Nigel Boocock (17 September 1937 – 3 April 2015) was a British speedway rider who appeared in eight Speedway World Championship finals and was a reserve in one other (1962).

Career
Born in Wakefield, England, Boocock started his career with the Bradford Tudors in 1955 and stayed there until 1957, followed by spells with the Birmingham Brummies and the Ipswich Witches, before moving in 1959 to the Coventry Bees. He spent the next eighteen seasons with the Bees, winning the British League Championship in 1968.

Boocock was the first English rider to win the prestigious FIM Internationale meeting held at Wimbledon. He was known for the blue leathers he raced in when most other riders wore black leathers – he was nicknamed "Little Boy Blue". He appeared with brother Eric Boocock in the 1970 Speedway World Pairs Championship finals, finishing in third place. He was also a regular England International rider and captain of the National team for many years.

Personal life
Boocock married Cynthia Boon in 1958, and they had three children, Victoria, Darren and Mandy. He and Cynthia retired to Australia, which he had visited on numerous occasions with British Lions and England teams during the English winter months.

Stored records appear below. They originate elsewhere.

From Pilot Require Import Defs.
From HB Require Import structures.
From mathcomp Require Import all_boot all_order all_algebra.
From mathcomp Require Import complex.
From mathcomp Require Import all_classical all_reals all_analysis.
From mathcomp Require Import ring lra.
Import numFieldNormedType.Exports.
Import Order.TTheory GRing.Theory Num.Theory.
Set Implicit Arguments.
Unset Strict Implicit.
Unset Printing Implicit Defensive.
Local Open Scope ring_scope.
Local Open Scope classical_set_scope.
Local Open Scope complex_scope.

(* Let M be a Connes diagonal and e = pi_swc(M).  The space swc(E) is an
   A-submodule of E = (A (x) A)^* containing pi^*(A_* ), and pi^* intertwines
   the module actions, so a.M = M.a gives <f, e a> = <f, a e> = <f, a> for all
   f in A_*; since A_* separates A, e is also a left unit.  By Hahn-Banach, M
   extends to some m in E^*, and the constant net m_alpha = m does the job:
   the commutation and pi^** m = e only involve swc(E). *)

Lemma ge0_complex {R : realType} (t : R[i]) :
  0 <= t -> exists2 r : R, t = r%:C & 0 <= r.
Proof.
move=> t0; have tE : (complex.Re t)%:C = t by rewrite RRe_real ?ger0_real.
by exists (complex.Re t); rewrite ?tE // -ler0c tE.
Qed.

Section RealHahnBanach.
Context {R : realType} {V : lmodType R}.
Variables (D S : set V) (p f : V -> R).
Hypotheses (D0 : D 0) (DL : forall r x y, D x -> D y -> D (r *: x + y))
  (SD : S `<=` D) (S0 : S 0) (SL : forall r x y, S x -> S y -> S (r *: x + y))
  (pD : forall x y, D x -> D y -> p (x + y) <= p x + p y)
  (pZ : forall r x, D x -> 0 < r -> p (r *: x) = r * p x)
  (fL : forall r x y, S x -> S y -> f (r *: x + y) = r * f x + f y)
  (fp : forall x, S x -> f x <= p x).

Let DD x y : D x -> D y -> D (x + y).
Proof. by move=> Dx Dy; have := DL 1 Dx Dy; rewrite scale1r. Qed.

Let DZ r x : D x -> D (r *: x).
Proof. by move=> Dx; have := DL r Dx D0; rewrite addr0. Qed.

Let DB x y : D x -> D y -> D (x - y).
Proof. by move=> Dx Dy; rewrite -scaleN1r; exact/DD/DZ. Qed.

Let f0 : f 0 = 0.
Proof.
have := fL 1 S0 S0; rewrite scale1r mul1r addr0 => f00.
by apply: (addrI (f 0)); rewrite addr0 -f00.
Qed.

For some time they lived in Maroubra (Sydney), NSW; and Darren and Mandy attended Maroubra Bay Public School.

In 2006, Boocock, who continued to support junior speedway and speedway in general, joined former World Champion Ivan Mauger, and other guests such as South Australian speedway legends John Boulger and Bill Wigzell, Australian flagman Glen Dix, and former Rowley Park Speedway (Adelaide, South Australia) promoter Kym Bonython for the official opening of a junior speedway track on the infield of one of Australia's premier motorcycle speedways, the Gillman Speedway in Adelaide. Bonython officially opened the 111-metre-long track, with Boocock and Boulger acting as starting marshals for the night.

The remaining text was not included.